• _What needs to be done_: Copy, exactly and without additions, every line in the records below from the one holding "Lemma vproj_nil (x" through the one holding "rewrite [X in", both ends included.

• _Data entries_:
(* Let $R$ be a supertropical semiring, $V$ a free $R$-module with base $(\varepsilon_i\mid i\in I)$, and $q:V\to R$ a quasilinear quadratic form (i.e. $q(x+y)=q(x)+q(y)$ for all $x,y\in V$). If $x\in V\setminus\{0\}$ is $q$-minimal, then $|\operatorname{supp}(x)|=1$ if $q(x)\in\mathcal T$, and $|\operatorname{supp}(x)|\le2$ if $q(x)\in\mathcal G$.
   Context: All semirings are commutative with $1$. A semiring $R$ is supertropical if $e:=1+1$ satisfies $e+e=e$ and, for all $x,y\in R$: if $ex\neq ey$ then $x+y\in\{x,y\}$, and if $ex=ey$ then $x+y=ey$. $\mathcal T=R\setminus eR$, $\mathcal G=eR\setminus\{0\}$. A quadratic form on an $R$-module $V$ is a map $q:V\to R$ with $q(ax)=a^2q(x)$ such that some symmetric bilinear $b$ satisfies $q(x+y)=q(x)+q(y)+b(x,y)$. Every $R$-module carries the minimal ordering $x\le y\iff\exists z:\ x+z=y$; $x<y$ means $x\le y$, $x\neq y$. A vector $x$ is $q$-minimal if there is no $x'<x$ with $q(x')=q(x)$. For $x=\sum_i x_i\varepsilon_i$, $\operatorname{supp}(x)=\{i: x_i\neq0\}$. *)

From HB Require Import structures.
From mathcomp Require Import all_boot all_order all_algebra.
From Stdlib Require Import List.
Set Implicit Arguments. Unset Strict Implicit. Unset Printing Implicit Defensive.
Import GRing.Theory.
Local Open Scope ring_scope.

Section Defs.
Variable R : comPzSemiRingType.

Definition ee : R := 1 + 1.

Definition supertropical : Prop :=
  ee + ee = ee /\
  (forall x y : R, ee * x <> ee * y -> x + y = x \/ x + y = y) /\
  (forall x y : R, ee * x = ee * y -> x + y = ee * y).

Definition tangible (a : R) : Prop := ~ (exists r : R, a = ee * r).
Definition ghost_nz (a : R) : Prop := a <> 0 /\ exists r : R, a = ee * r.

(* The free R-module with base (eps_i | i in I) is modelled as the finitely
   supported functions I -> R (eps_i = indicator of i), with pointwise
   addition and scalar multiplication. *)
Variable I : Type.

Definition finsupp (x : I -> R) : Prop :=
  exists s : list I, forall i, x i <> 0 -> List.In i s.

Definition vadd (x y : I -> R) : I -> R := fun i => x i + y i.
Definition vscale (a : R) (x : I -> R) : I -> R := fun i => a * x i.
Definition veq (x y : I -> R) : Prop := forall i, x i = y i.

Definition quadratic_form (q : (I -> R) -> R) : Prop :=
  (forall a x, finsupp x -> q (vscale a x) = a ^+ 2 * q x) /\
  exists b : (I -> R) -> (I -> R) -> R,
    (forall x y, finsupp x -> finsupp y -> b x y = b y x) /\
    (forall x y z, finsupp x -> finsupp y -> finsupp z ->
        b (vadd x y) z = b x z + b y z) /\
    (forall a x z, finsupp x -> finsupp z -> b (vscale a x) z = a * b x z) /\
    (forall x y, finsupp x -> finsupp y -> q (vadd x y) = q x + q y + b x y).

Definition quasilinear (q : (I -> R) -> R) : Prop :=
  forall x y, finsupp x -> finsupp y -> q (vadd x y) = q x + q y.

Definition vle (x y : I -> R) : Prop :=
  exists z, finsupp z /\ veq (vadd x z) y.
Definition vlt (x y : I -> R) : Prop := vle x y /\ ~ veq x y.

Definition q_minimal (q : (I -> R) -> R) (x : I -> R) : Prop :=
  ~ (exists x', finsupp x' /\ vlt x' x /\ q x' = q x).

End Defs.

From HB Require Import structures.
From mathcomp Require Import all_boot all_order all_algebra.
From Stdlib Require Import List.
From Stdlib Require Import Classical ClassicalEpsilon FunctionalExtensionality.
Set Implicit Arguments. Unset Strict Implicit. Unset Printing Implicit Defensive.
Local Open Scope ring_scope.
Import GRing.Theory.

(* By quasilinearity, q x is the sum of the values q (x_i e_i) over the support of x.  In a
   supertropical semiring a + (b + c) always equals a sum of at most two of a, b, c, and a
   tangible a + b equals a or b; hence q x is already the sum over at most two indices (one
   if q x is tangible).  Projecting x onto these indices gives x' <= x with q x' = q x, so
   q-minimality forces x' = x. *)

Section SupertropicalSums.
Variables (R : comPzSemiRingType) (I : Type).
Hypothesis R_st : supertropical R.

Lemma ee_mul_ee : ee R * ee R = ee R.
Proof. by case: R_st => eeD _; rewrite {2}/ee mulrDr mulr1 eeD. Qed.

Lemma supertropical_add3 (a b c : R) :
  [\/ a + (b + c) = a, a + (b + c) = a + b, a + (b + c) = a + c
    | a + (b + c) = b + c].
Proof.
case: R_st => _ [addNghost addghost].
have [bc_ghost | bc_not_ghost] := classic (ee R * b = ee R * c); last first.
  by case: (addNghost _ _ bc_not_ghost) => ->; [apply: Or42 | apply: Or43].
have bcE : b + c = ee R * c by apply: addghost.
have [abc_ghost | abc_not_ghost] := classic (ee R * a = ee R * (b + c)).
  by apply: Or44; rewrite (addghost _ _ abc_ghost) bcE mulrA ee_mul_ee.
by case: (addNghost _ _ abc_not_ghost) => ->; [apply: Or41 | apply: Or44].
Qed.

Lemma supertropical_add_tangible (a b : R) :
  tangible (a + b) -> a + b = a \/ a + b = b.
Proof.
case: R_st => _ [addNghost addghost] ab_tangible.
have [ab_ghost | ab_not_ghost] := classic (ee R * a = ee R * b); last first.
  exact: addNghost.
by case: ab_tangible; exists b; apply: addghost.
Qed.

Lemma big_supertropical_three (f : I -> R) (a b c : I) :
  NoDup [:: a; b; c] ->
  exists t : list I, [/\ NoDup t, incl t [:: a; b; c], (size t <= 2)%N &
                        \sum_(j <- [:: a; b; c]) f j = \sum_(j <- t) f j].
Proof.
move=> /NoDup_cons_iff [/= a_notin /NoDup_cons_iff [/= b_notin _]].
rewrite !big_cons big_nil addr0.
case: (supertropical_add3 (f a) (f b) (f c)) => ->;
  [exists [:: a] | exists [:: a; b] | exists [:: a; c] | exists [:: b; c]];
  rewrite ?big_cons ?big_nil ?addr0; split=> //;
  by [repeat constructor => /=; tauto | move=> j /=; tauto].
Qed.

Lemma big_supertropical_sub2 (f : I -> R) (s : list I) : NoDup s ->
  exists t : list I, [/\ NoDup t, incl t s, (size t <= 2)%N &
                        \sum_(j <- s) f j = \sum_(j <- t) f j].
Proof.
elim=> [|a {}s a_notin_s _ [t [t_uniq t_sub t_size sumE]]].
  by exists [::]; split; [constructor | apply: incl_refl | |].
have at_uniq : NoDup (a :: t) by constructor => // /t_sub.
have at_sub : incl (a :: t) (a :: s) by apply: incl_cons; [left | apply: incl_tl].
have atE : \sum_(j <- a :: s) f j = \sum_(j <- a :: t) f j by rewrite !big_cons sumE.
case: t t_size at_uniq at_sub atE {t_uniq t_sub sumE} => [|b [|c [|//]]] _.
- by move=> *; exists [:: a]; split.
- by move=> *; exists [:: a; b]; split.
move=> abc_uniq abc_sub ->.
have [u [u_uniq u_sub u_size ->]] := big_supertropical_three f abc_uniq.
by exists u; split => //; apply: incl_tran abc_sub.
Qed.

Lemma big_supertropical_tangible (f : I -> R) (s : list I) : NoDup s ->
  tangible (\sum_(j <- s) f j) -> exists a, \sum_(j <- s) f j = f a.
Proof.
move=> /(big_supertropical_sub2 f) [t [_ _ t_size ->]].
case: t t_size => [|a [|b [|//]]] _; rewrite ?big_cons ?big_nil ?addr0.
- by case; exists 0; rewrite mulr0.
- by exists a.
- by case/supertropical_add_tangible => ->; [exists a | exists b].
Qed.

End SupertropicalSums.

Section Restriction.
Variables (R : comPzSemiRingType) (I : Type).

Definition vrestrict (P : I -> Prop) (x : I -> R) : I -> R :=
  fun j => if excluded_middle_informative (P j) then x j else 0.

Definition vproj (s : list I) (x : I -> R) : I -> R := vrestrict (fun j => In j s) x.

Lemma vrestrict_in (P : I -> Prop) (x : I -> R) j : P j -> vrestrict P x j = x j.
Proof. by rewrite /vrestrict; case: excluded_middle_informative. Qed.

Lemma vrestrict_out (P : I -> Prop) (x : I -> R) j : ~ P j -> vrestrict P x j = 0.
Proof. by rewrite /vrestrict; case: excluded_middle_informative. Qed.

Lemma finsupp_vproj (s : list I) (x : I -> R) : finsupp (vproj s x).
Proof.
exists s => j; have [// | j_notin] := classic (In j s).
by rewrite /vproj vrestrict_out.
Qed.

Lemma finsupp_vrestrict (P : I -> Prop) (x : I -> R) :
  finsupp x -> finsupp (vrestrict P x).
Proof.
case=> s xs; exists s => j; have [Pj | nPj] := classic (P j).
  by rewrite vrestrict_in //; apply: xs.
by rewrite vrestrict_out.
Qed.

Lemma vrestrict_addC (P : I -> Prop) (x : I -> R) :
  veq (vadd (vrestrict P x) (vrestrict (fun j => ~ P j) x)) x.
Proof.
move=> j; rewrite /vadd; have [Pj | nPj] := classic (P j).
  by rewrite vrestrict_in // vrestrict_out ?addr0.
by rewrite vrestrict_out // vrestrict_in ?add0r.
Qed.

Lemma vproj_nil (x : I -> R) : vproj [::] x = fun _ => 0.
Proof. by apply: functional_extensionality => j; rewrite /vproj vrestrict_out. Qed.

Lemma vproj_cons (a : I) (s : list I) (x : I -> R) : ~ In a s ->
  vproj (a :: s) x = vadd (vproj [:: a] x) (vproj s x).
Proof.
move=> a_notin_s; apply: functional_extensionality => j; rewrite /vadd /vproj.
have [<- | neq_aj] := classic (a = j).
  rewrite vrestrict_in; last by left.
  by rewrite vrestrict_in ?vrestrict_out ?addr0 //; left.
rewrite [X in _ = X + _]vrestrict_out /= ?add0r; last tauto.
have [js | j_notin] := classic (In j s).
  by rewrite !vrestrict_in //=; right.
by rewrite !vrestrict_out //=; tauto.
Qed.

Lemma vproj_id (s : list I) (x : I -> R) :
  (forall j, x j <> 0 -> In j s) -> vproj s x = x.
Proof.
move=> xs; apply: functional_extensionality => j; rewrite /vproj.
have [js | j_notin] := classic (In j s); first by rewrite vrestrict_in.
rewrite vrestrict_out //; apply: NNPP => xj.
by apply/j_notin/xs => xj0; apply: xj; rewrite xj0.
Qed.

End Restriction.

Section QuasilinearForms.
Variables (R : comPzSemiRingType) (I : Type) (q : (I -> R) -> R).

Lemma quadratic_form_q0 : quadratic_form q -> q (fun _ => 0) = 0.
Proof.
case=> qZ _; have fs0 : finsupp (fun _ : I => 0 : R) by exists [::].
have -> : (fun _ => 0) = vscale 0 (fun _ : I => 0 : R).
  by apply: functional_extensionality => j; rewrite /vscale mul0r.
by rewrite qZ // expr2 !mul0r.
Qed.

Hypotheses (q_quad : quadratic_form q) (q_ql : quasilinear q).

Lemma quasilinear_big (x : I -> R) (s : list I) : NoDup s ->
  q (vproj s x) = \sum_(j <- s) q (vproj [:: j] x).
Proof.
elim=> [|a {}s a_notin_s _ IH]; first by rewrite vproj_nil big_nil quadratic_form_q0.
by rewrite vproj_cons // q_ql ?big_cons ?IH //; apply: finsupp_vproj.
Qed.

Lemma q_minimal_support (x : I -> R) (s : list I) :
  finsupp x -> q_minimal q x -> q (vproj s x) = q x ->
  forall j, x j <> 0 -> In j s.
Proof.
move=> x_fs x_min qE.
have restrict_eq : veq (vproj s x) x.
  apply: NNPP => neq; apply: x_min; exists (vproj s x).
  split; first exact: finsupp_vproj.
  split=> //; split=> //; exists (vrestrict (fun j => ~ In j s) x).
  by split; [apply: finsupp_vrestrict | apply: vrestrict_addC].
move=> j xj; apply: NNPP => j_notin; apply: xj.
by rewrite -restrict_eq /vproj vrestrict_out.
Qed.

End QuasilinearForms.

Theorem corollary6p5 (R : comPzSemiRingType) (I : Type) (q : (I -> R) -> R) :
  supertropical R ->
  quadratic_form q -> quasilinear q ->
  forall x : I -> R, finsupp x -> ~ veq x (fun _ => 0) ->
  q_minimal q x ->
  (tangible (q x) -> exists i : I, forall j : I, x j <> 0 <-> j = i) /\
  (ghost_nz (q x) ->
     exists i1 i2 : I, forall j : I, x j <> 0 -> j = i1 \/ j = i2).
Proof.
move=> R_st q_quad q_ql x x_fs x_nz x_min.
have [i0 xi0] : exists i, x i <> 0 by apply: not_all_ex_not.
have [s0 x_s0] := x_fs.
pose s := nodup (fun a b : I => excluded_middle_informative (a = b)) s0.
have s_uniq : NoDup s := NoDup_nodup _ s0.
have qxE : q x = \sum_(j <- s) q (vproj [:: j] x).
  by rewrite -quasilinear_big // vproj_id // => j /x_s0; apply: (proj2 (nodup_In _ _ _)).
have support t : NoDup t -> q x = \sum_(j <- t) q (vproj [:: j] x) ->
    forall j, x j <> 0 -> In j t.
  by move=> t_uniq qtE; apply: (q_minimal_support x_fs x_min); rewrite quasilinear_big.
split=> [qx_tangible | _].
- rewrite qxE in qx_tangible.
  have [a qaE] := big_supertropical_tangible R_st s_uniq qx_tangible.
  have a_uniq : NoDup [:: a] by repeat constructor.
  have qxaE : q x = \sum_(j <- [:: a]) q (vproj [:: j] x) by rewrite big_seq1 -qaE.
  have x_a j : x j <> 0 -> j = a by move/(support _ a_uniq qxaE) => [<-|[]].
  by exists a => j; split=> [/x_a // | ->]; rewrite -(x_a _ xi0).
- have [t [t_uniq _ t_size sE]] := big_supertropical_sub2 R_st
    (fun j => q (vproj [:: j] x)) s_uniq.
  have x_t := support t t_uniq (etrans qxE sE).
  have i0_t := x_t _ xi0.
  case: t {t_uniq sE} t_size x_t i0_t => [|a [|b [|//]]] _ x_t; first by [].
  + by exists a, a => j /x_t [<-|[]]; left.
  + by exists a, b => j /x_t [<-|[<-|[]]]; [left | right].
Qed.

• _Task solution_:
Lemma vproj_nil (x : I -> R) : vproj [::] x = fun _ => 0.
Proof. by apply: functional_extensionality => j; rewrite /vproj vrestrict_out. Qed.

Lemma vproj_cons (a : I) (s : list I) (x : I -> R) : ~ In a s ->
  vproj (a :: s) x = vadd (vproj [:: a] x) (vproj s x).
Proof.
move=> a_notin_s; apply: functional_extensionality => j; rewrite /vadd /vproj.
have [<- | neq_aj] := classic (a = j).
  rewrite vrestrict_in; last by left.
  by rewrite vrestrict_in ?vrestrict_out ?addr0 //; left.
rewrite [X in _ = X + _]vrestrict_out /= ?add0r; last tauto.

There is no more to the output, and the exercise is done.